Lemma lam_deviation_fiber_le (a eta eps : R) : 0 < eta -> eta < eps ->
  lam (S `&` [set s | Z s = a /\ eps <= `|W s - Z s|]) <=
  `|cdf W (a - eta) - cdf Z (a - eta)| + `|cdf W (a + eta) - cdf Z (a + eta)|.
Proof.
move=> eta0 etaeps.
have mI x y : measurable (S `&` `[x, y]).
  by apply: measurableI; [exact: measurable_S | exact: measurable_itv].
set I1 := S `&` `[cdf Z (a - eta), cdf W (a - eta)].
set I2 := S `&` `[cdf W (a + eta), cdf Z (a + eta)].
have dev_sub : S `&` [set s | Z s = a /\ eps <= `|W s - Z s|] `<=` I1 `|` I2.
  move=> s [Ss [Za]]; rewrite ler_normr => /orP[] dev; [right|left];
    split => //=; rewrite in_itv /=; apply/andP; split.
  - by apply: nondecreasing_cdf_le sW mW _ _ Ss _; lra.
  - by apply: nondecreasing_cdf_ge sZ mZ _ _ Ss _; lra.
  - by apply: nondecreasing_cdf_le sZ mZ _ _ Ss _; lra.
  - by apply: nondecreasing_cdf_ge sW mW _ _ Ss _; lra.
have mdev : measurable (S `&` [set s | Z s = a /\ eps <= `|W s - Z s|]).
  exact: (measurable_simple_rel (fun x y => x = a /\ eps <= `|y - x|) sZ sW).
have IS : I1 `|` I2 `<=` S by move=> s [] [].
have lam_dev := le_lam mdev (measurableU _ _ (mI _ _) (mI _ _)) IS dev_sub.
have lamI : lam (I1 `|` I2) <= lam I1 + lam I2 :=
  lam_setU_le (mI _ _) (mI _ _) (@subIsetl _ _ _) (@subIsetl _ _ _).
apply: le_trans lam_dev (le_trans lamI _).
apply: lerD; last rewrite distrC;
  exact: lam_sub_itv (mI _ _) (@subIsetl _ _ _) (@subIsetr _ _ _).
Qed.

End Deviation.

Lemma cvg_in_probability_nondecreasing (Wk : nat -> R -> R) (lk : nat -> seq R)
    (Z : R -> R) (l : seq R) :
  (forall k, simple (Wk k) (lk k)) -> (forall k, nondecreasing_on_S (Wk k)) ->
  simple Z l -> nondecreasing_on_S Z ->
  cvg_in_distribution Wk Z -> cvg_in_probability Wk Z.
Proof.
move=> sk mk sZ mZ hd eps eps0.
(* eta avoids the differences of values, so that every a +- eta with a a value
   of Z is a continuity point of cdf Z. *)
have [eta [eta0 etae etaD]] := exists_pos_notin [seq b - a | a <- l, b <- l]
  (divr_gt0 eps0 (ltr0n _ 2)).
have etaeps : eta < eps by apply: le_lt_trans etae _; lra.
have cont a : a \in l ->
    {for a - eta, continuous (cdf Z)} /\ {for a + eta, continuous (cdf Z)}.
  move=> al; split; apply: cdf_continuous_notin sZ _; apply: contra etaD => bl;
    apply/allpairsP.
  - by exists (a - eta, a); rewrite al bl /= opprB addrC subrK.
  - by exists (a, a + eta); rewrite al bl /= addrC addKr.
pose f k a := `|cdf (Wk k) (a - eta) - cdf Z (a - eta)| +
  `|cdf (Wk k) (a + eta) - cdf Z (a + eta)|.
apply: (@squeeze_cvgr _ _ _ _ (fun=> 0) (fun k => \sum_(a <- l) f k a)).
- apply: nearW => k; rewrite lam_ge0 /=.
  have mfib a : measurable (S `&` [set s | Z s = a /\ eps <= `|Wk k s - Z s|]).
    exact: (measurable_simple_rel (fun x y => x = a /\ eps <= `|y - x|) sZ (sk k)).
  change (lam (S `&` [set s | eps <= `|Wk k s - Z s|]) <= \sum_(a <- l) f k a).
  rewrite -(setI_values _ sZ.2) (le_trans (lam_fibers_le mfib l)) //.
  apply: ler_sum => a _.
  exact: (lam_deviation_fiber_le sZ (sk k) mZ (mk k) a eta0 etaeps).
- exact: cvg_cst.
- apply: cvg_sum_seq0 => a /cont[cm cp]; rewrite -[0]addr0.
  by apply: cvgD; apply: cvg_dist0; exact: hd.
Qed.

End ConvergenceInProbability.

Section ContinuityInDistribution.
Variables (R : realType) (xl xh : R) (pref : (R -> R) -> (R -> R) -> Prop).
Local Notation inL := (inL xl xh).
Hypotheses (Hcomp : complete_pref xl xh pref) (Htrans : transitive_pref xl xh pref).
Hypotheses (Hcp : continuous_in_probability xl xh pref).
Hypothesis Hregret : regret_based xl xh pref.

Lemma continuous_in_distribution_of_probability :
  continuous_in_distribution xl xh pref.
Proof.
move=> Xk X Y iXk iX iY hd.
have /choice[Zk HZk] := fun k => indiff_rearrangement Hcomp Htrans Hregret (iXk k).
have [Z [iZ cZ XZ mZ]] := indiff_rearrangement Hcomp Htrans Hregret iX.
have iZk k : inL (Zk k) by case: (HZk k).
have /choice[lk slk] : forall k, exists l, simple (Zk k) l.
  by move=> k; have [l [sl _]] := inL_simple (iZk k); exists l.
have [l [sl _]] := inL_simple iZ.
have cp : cvg_in_probability Zk Z.
  apply: (cvg_in_probability_nondecreasing slk _ sl mZ) => [k|t ct].
    by case: (HZk k).
  change ((fun k => cdf (Zk k) t) @ \oo --> cdf Z t).
  have -> : (fun k => cdf (Zk k) t) = (fun k => cdf (Xk k) t).
    by apply/funext => k; case: (HZk k) => _ ->.
  by rewrite cZ; apply: hd; rewrite -cZ.
have [cp_le cp_ge] := Hcp iZk iZ iY cp.
split => H.
- have ZY : pref Z Y.
    apply: cp_le => k; case: (HZk k) => _ _ [_ ZX] _.
    exact: Htrans (iZk k) (iXk k) iY ZX (H k).
  by case: XZ => XZ _; exact: Htrans iX iZ iY XZ ZY.
- have YZ : pref Y Z.
    apply: cp_ge => k; case: (HZk k) => _ _ [XZk _] _.
    exact: Htrans iY (iXk k) (iZk k) (H k) XZk.
  by case: XZ => _ ZX; exact: Htrans iY iZ iX YZ ZX.
Qed.

End ContinuityInDistribution.

Unset Implicit Arguments.

Theorem corollary1 (R : realType) (xl xh : R)
    (pref : (R -> R) -> (R -> R) -> Prop) :
  complete_pref xl xh pref ->
  transitive_pref xl xh pref ->
  continuous_in_probability xl xh pref ->
  statewise_monotone xl xh pref ->
  regret_based xl xh pref ->
  (forall X Y, inL xl xh X -> inL xl xh Y ->
     strict_fosd X Y -> strict_pref pref X Y) /\
  continuous_in_distribution xl xh pref.
Proof.
move=> Hcomp Htrans Hcp Hsm Hregret; split.
- by move=> X Y; exact: fosd_strict_pref.
- exact: continuous_in_distribution_of_probability.
Qed.
(* Let $\mathcal R_5=\{(wx,x):w\in\{0,1\}^*,\ x\in\{0,1\}\}\subseteq\{0,1\}^*\times\{0,1\}^*$. Then $\mathcal R_5$ cannot be computed by a quantum finite state transducer with an isolated cutpoint, while it is computed by a deterministic finite state transducer.
   Context: A probabilistic finite state transducer (pfst) is a tuple $T=(Q,\Sigma_1,\Sigma_2,V,f,q_0,Q_{\rm acc},Q_{\rm rej})$ with finite state set $Q$, finite input/output alphabets $\Sigma_1,\Sigma_2$, initial state $q_0$, disjoint accepting/rejecting sets $Q_{\rm acc},Q_{\rm rej}\subseteq Q$ (the other states are non-halting). For each $a\in\Sigma_1\cup\{\ddagger,\$\}$ ($\ddagger,\$$ are end markers) there is a stochastic $Q\times Q$ matrix $V_a$ and an output function $f_a:Q\to\Sigma_2^*$; $V_\$$ puts all probability on halting states. On input $v$ the machine reads $\ddagger v\$$; in state $q$ reading $a$ it appends $f_a(q)$ to the output tape and moves to state $p$ with probability $(V_a)_{qp}$; if $p$ is accepting (rejecting) it halts and accepts with the current output (rejects). $T(w|v)$ is the probability of accepting with output $w$ on input $v$. A deterministic finite state transducer (dfst) is a pfst all of whose matrix entries are $0$ or $1$; it computes $\mathcal R$ if $T(w|v)=1$ for $(v,w)\in\mathcal R$ and $T(w|v)=0$ otherwise. A quantum finite state transducer (qfst) has the same data except that each $V_a$ is a unitary on $\ell^2(Q)$ (and $V_\$$ maps the span of non-halting states into the span of halting states). Its non-halting part is a vector $\psi=\sum_{q,w}\alpha_{qw}|q\rangle\otimes|w\rangle\in\ell^2(Q\times\Sigma_2^* )$, initially $|q_0\rangle\otimes|\epsilon\rangle$; reading $a$ maps it to $\psi'=\sum_{q,w}\alpha_{qw}V_a|q\rangle\otimes|wf_a(q)\rangle$ with $V_a|q\rangle=\sum_p(V_a)_{qp}|p\rangle$, after which the squared norm of the component of $\psi'$ on $\mathrm{span}(Q_{\rm acc})\otimes|x\rangle$ is added to the probability of accepting with output $x$, the squared norm of the component on $\mathrm{span}(Q_{\rm rej})\otimes\ell^2(\Sigma_2^* )$ to the rejection probability, and the computation continues with the projection onto non-halting states. $T(w|v)$ is defined analogously. $T$ computes $\mathcal R$ with isolated cutpoint if there are $0<\alpha<1$ and $\varepsilon>0$ such that for all $v,w$: $(v,w)\in\mathcal R\Rightarrow T(w|v)\ge\alpha+\varepsilon$ and $(v,w)\notin\mathcal R\Rightarrow T(w|v)\le\alpha-\varepsilon$. *)

From HB Require Import structures.
From mathcomp Require Import all_boot all_order all_algebra.
From mathcomp Require Import complex.
From mathcomp Require Import reals.
Set Implicit Arguments. Unset Strict Implicit. Unset Printing Implicit Defensive.
Import Order.TTheory GRing.Theory Num.Theory.
Local Open Scope ring_scope.

(* Tape symbols: input letters of Sigma_1 = {0,1} (= bool), plus the end
   markers "double dagger" (left) and "$" (right). *)
Inductive tsym : Type := TLetter of bool | TLeft | TRight.

Definition tape (v : seq bool) : seq tsym := TLeft :: rcons (map TLetter v) TRight.

(* Reading a symbol with matrix V and output function f, the configuration
   sum_{q,w} psi(q,w) |q> (x) |w> is mapped to
   sum_{q,w} psi(q,w) V|q> (x) |w f(q)>, V|q> = sum_p V_{qp} |p>. *)
Definition evolve (K : pzRingType) (n : nat) (V : 'M[K]_n) (f : 'I_n -> seq bool)
  (psi : 'I_n -> seq bool -> K) : 'I_n -> seq bool -> K :=
  fun p y => \sum_(q < n)
     (if (size (f q) <= size y)%N && (drop (size y - size (f q)) y == f q)
      then psi q (take (size y - size (f q)) y) * V q p else 0).

Definition project (K : pzRingType) (n : nat) (halt : {set 'I_n})
  (psi : 'I_n -> seq bool -> K) : 'I_n -> seq bool -> K :=
  fun p y => if p \in halt then 0 else psi p y.
(* Consider the parallel service system with $\lambda<\sum_{n=1}^N\mu_n$ under the softmax WSQ policy with sufficiently small temperature $\iota>0$. Then for every $w\in\mathbb{R}^N_{>0}$, the Markov chain of queue lengths induced by $\pi_w$ is irreducible, ergodic and positive Harris recurrent.
   Context: Parallel service system: $N$ parallel queues with state $x\in\mathbb{Z}^N_{\ge0}$ (queue lengths), Poisson arrivals at rate $\lambda>0$, exponential service rates $\mu_n>0$ at server $n$; an arriving job joins queue $a$ with probability $\pi_w(a\mid x)$. This gives a Markov chain with transitions $x\to x+e_a$ at rate $\lambda\pi_w(a\mid x)$ and $x\to x-e_n$ at rate $\mu_n\mathbb{I}_{\{x_n\ge1\}}$ (equivalently its embedded jump chain $x[k]$, the state after the $k$-th transition). Softmax WSQ policy with weights $w\in\mathbb{R}^N_{>0}$ and temperature $\iota>0$: $\pi_w(a\mid x)=\exp(-w_a(2x_a+1)/\iota)/\sum_{b=1}^N\exp(-w_b(2x_b+1)/\iota)$. *)

From HB Require Import structures.
From mathcomp Require Import all_boot all_order all_algebra.
From mathcomp Require Import all_classical all_reals all_analysis.
Set Implicit Arguments. Unset Strict Implicit. Unset Printing Implicit Defensive.
Import Order.TTheory GRing.Theory Num.Theory.
Local Open Scope classical_set_scope.
Local Open Scope ring_scope.

(* P x y = one-step transition probability; succ x = a finite list containing
   every y with P x y <> 0 (used only to write the finite sums of the
   Chapman-Kolmogorov / first-passage recursions). *)
Section Chain.
Variables (R : realType) (S : countType).
Variables (P : S -> S -> R) (succ : S -> seq S).

Fixpoint nstep (n : nat) (x y : S) : R :=
  match n with
  | 0 => (x == y)%:R
  | n'.+1 => \sum_(z <- undup (succ x)) P x z * nstep n' z y
  end.

(* first-passage probability: P_x(tau_y = n), tau_y = inf {k >= 1 : X_k = y} *)
Fixpoint fpass (n : nat) (x y : S) : R :=
  match n with
  | 0 => 0
  | n'.+1 => (n' == 0)%:R * P x y
             + \sum_(z <- undup (succ x) | z != y) P x z * fpass n' z y
  end.

Definition irreducible : Prop := forall x y : S, exists n, 0 < nstep n x y.

Definition hit_prob (x y : S) : \bar R := (\esum_(k in [set: nat]) (fpass k x y)%:E)%E.

Definition recurrent_state (x : S) : Prop := hit_prob x x = 1%E.

Definition positive_recurrent_state (x : S) : Prop :=
  recurrent_state x /\
  (\esum_(k in [set: nat]) ((k%:R * fpass k x x)%:E) < +oo)%E.

Definition ergodic : Prop := irreducible /\ forall x, positive_recurrent_state x.

Definition invariant_prob (pi : S -> R) : Prop :=
  (forall x, 0 <= pi x) /\
  (\esum_(x in [set: S]) (pi x)%:E = 1)%E /\
  (forall y, \esum_(x in [set: S]) ((pi x * P x y)%:E) = (pi y)%:E)%E.

(* Harris recurrence w.r.t. the counting measure (the maximal irreducibility
   measure on a countable space): from every initial state every state is
   reached with probability one. *)
Definition harris_recurrent : Prop := forall x y : S, hit_prob x y = 1%E.

Definition positive_harris_recurrent : Prop :=
  harris_recurrent /\ exists pi : S -> R, invariant_prob pi.
End Chain.

Definition qstate (N : nat) := {ffun 'I_N -> nat}.

Definition incr N (x : qstate N) (a : 'I_N) : qstate N :=
  [ffun i => x i + (i == a)]%N.
Definition decr N (x : qstate N) (n : 'I_N) : qstate N :=
  [ffun i => x i - (i == n)]%N.

Definition qsucc N (x : qstate N) : seq (qstate N) :=
  [seq incr x a | a <- enum 'I_N] ++ [seq decr x n | n <- enum 'I_N].

Section Queue.
Variables (R : realType) (N : nat) (lam : R) (mu : 'I_N -> R).

Definition softmax_wsq (w : 'I_N -> R) (iota : R) (x : qstate N) (a : 'I_N) : R :=
  expR (- (w a * (2 * (x a)%:R + 1)) / iota) /
  \sum_(b < N) expR (- (w b * (2 * (x b)%:R + 1)) / iota).

Definition qtotal_rate (x : qstate N) : R :=
  lam + \sum_(n < N) (0 < x n)%N%:R * mu n.

Definition qrate (w : 'I_N -> R) (iota : R) (x y : qstate N) : R :=
  \sum_(a < N) (y == incr x a)%:R * (lam * softmax_wsq w iota x a)
  + \sum_(n < N) ((0 < x n)%N && (y == decr x n))%:R * mu n.

Definition qjump (w : 'I_N -> R) (iota : R) (x y : qstate N) : R :=
  qrate w iota x y / qtotal_rate x.
End Queue.

From HB Require Import structures.
From mathcomp Require Import all_boot all_order all_algebra.
From mathcomp Require Import all_classical all_reals all_analysis.
From mathcomp Require Import ring lra.
Import Order.TTheory GRing.Theory Num.Theory.
Local Open Scope classical_set_scope.
Local Open Scope ring_scope.
Set Implicit Arguments. Unset Strict Implicit. Unset Printing Implicit Defensive.

(* Foster-Lyapunov argument.  For a target state y, let K_y = taboo y be the
   one-step kernel killed on entering y.  A function g >= 0 with
   K_y g <= g - 1 bounds the partial sums of the survival probabilities
   P_x(tau_y > n), hence P_x(tau_y < oo) = 1 and E_y[tau_y] < oo; the expected
   numbers of visits before the first return to y then form a finite
   invariant measure.
   For the queue, V(x) = sum_i w_i x_i^2 is the function that WSQ greedily
   minimises: an arrival to queue a raises V by w_a (2 x_a + 1), and the
   softmax policy loses at most N iota against the best queue.  Hence the
   drift of V is at most A - kappa sum_k mu_k w_k x_k with kappa > 0 whenever
   lambda < sum_k mu_k, so V has drift <= -1 off a finite box, at every
   temperature.  Irreducibility turns this into a function g as above. *)

Lemma sum_seq_indicator (R : nzRingType) (T : eqType) (s : seq T) (F : T -> R) u :
  uniq s -> \sum_(z <- s) (z == u)%:R * F z = (u \in s)%:R * F u.
Proof.
move=> us; case: (boolP (u \in s)) => hu.
  rewrite (bigD1_seq u) //= eqxx !mul1r big1 ?addr0 // => z /negPf ->.
  by rewrite mul0r.
rewrite big1_seq ?mul0r // => z /andP [_ hz]; case: eqP => [e|_]; last by rewrite mul0r.
by rewrite -e hz in hu.
Qed.

Lemma ler_sum_seq_term (R : numDomainType) (T : eqType) (s : seq T) (F : T -> R) z :
  uniq s -> z \in s -> (forall w, 0 <= F w) -> F z <= \sum_(w <- s) F w.
Proof.
by move=> us zs F0; rewrite (bigD1_seq z) //= lerDl; apply: sumr_ge0 => w _.
Qed.

Lemma esumZl (R : realType) (T : choiceType) (I : set T) (a : T -> \bar R) (r : R) :
  0 <= r -> (forall i, 0 <= a i)%E ->
  (\esum_(i in I) (r%:E * a i) = r%:E * \esum_(i in I) a i)%E.
Proof.
move=> r0 a0; rewrite /esum -ereal_supZl //; last first.
  by apply/set0P; exists 0%E; exists set0 => //; [exact: fsets_set0 | rewrite fsbig_set0].
congr ereal_sup; rewrite image_comp; apply: eq_imagel => X [finX XI] /=.
by rewrite !fsbig_finite // ge0_sume_distrr.
Qed.

Lemma esum_swap (R : realType) (T1 T2 : choiceType) (a : T1 -> T2 -> \bar R) :
  (forall i j, 0 <= a i j)%E ->
  (\esum_(i in [set: T1]) \esum_(j in [set: T2]) a i j =
   \esum_(j in [set: T2]) \esum_(i in [set: T1]) a i j)%E.
Proof.
move=> a0; rewrite !esum_esum //.
rewrite (reindex_esum ([set: T2] `*`` (fun _ => [set: T1])) _ (fun x => (x.2, x.1))) //.
split=> //=.
- by move=> [i1 i2] [j1 j2] /= _ _ [] -> ->.
- by move=> [i1 i2] _ /=; exists (i2, i1).
Qed.

Lemma esum_shift (R : realType) (a : nat -> \bar R) : (forall n, 0 <= a n)%E ->
  (\esum_(n in [set: nat]) a n = a 0%N + \esum_(n in [set: nat]) a n.+1)%E.
Proof.
move=> a0; rewrite -!nneseries_esumT //.
rewrite (nneseries_split 0 1) // add0n big_nat1; congr (_ + _)%E.
rewrite -nneseries_addn //; apply: congr_lim; apply: funext => n /=.
by apply: eq_bigr => i _; rewrite addn1.
Qed.

Lemma mul_expRN_le1 (R : realType) (t : R) : t * expR (- t) <= 1.
Proof. by rewrite expRN ler_pdivrMr ?expR_gt0 // mul1r; have := expR_ge1Dx t; lra. Qed.

Lemma expR_div_tradeoff (R : realType) (u i : R) : 0 < i -> expR (- u / i) * u <= i.
Proof.
move=> i0; have -> : expR (- u / i) * u = i * (u / i * expR (- (u / i))).
  by rewrite mulNr; field; rewrite gt_eqF.
by rewrite -[X in _ <= X]mulr1 ler_pM2l // mul_expRN_le1.
Qed.

Section TabooKernel.
Variables (R : realType) (S : countType) (P : S -> S -> R) (succ : S -> seq S).
Hypothesis P_ge0 : forall x z, 0 <= P x z.
Hypothesis P_supp : forall x z, z \notin succ x -> P x z = 0.
Hypothesis P_sum1 : forall x, \sum_(z <- undup (succ x)) P x z = 1.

========================================

Required work: The first line of the entries above marks where to begin; repeat each line exactly through the one that contains "have mI x y", and include that line.

Written solution:
Lemma lam_deviation_fiber_le (a eta eps : R) : 0 < eta -> eta < eps ->
  lam (S `&` [set s | Z s = a /\ eps <= `|W s - Z s|]) <=
  `|cdf W (a - eta) - cdf Z (a - eta)| + `|cdf W (a + eta) - cdf Z (a + eta)|.
Proof.
move=> eta0 etaeps.
have mI x y : measurable (S `&` `[x, y]).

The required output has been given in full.